Update: I am running with the FLIR dataset in this notebook. Have not reproduced the error yet. I even did not set any in remove_default_automl_parameters.

Please set augmentation_config.random_crop_min_scale into remove_default_automl_parameters.
Update: Issue is gone according to the feedback offline when run your own dataset.

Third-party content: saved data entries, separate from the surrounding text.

(* Let $\psi:[0,\infty)\to[0,\infty)$ be convex, nondecreasing, not identically zero, with $\psi(0)=0$; let $\Psi=e^{\psi}-1$ and, for $L>0$, $\Psi(z;L)=\exp\big(\frac{2}{L^2}\psi(Lz)\big)-1$. Let $Z_1,\dots,Z_m$ be random variables with $\tau\equiv\max_{1\le j\le m}\|Z_j\|_{\Psi}<\infty$. Then $$\Big\|\Big(\max_{1\le j\le m}|Z_j|-\tau\,\Psi^{-1}(m)\Big)_+\Big\|_{\Psi(\cdot;\sqrt6)}\le\sqrt6\,\tau.$$
   Context: For $y>0$, $\Psi^{-1}(y)$ is the unique $x\ge0$ with $\Psi(x)=y$ (so $\Psi^{-1}(m)=\psi^{-1}(\log(1+m))$). The Orlicz norm is $\|X\|_{\Psi}=\inf\{c>0:E\Psi(|X|/c)\le1\}$; $(a)_+=\max(a,0)$. *)

From HB Require Import structures.
From mathcomp Require Import all_boot all_order all_algebra.
From mathcomp Require Import all_classical all_reals all_analysis.
Set Implicit Arguments. Unset Strict Implicit. Unset Printing Implicit Defensive.
Import Order.TTheory GRing.Theory Num.Theory.
Local Open Scope ring_scope.
Local Open Scope classical_set_scope.

Definition PsiF (R : realType) (psi : R -> R) (x : R) : R := expR (psi x) - 1.

Definition PsiL (R : realType) (psi : R -> R) (L : R) (z : R) : R :=
  expR (2 / L ^+ 2 * psi (L * z)) - 1.

Definition Psi_inv (R : realType) (psi : R -> R) (y : R) : R :=
  xget 0 [set x : R | 0 <= x /\ PsiF psi x = y].

(* Orlicz norm ||X||_Phi = inf {c > 0 : E Phi(|X|/c) <= 1}, valued in \bar R
   (inf of the empty set is +oo). *)
Definition orlicz_norm d (T : measurableType d) (R : realType)
  (P : probability T R) (Phi : R -> R) (X : T -> R) : \bar R :=
  ereal_inf [set c%:E | c in [set c : R | 0 < c /\
     (\int[P]_x (Phi (`|X x| / c))%:E <= 1)%E]].

From HB Require Import structures.
From mathcomp Require Import all_boot all_order all_algebra.
From mathcomp Require Import all_classical all_reals all_analysis.
From mathcomp Require Import measurable_realfun ring lra.
Import Order.TTheory GRing.Theory Num.Theory.
Import numFieldNormedType.Exports.
Local Open Scope ring_scope.
Local Open Scope classical_set_scope.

Yes! I was able to complete a run with that and afterwards with

additional_automl_parameters = [] # Refer to parameter list mentioned in the above links and add any extra parameter in addition to the default enabled ones
remove_default_automl_parameters = [] # Remove any hyperparameters that are enabled by default for AutoML

too… despite having some failed child jobs (According to the logs, but I still got a full AutoML run and the best model was saved in the model folder)

TLDR: It maybe be not perfect but it seem to work despite the error messages. (full logs are shared with @Morganh )

This topic was automatically closed 14 days after the last reply. New replies are no longer allowed.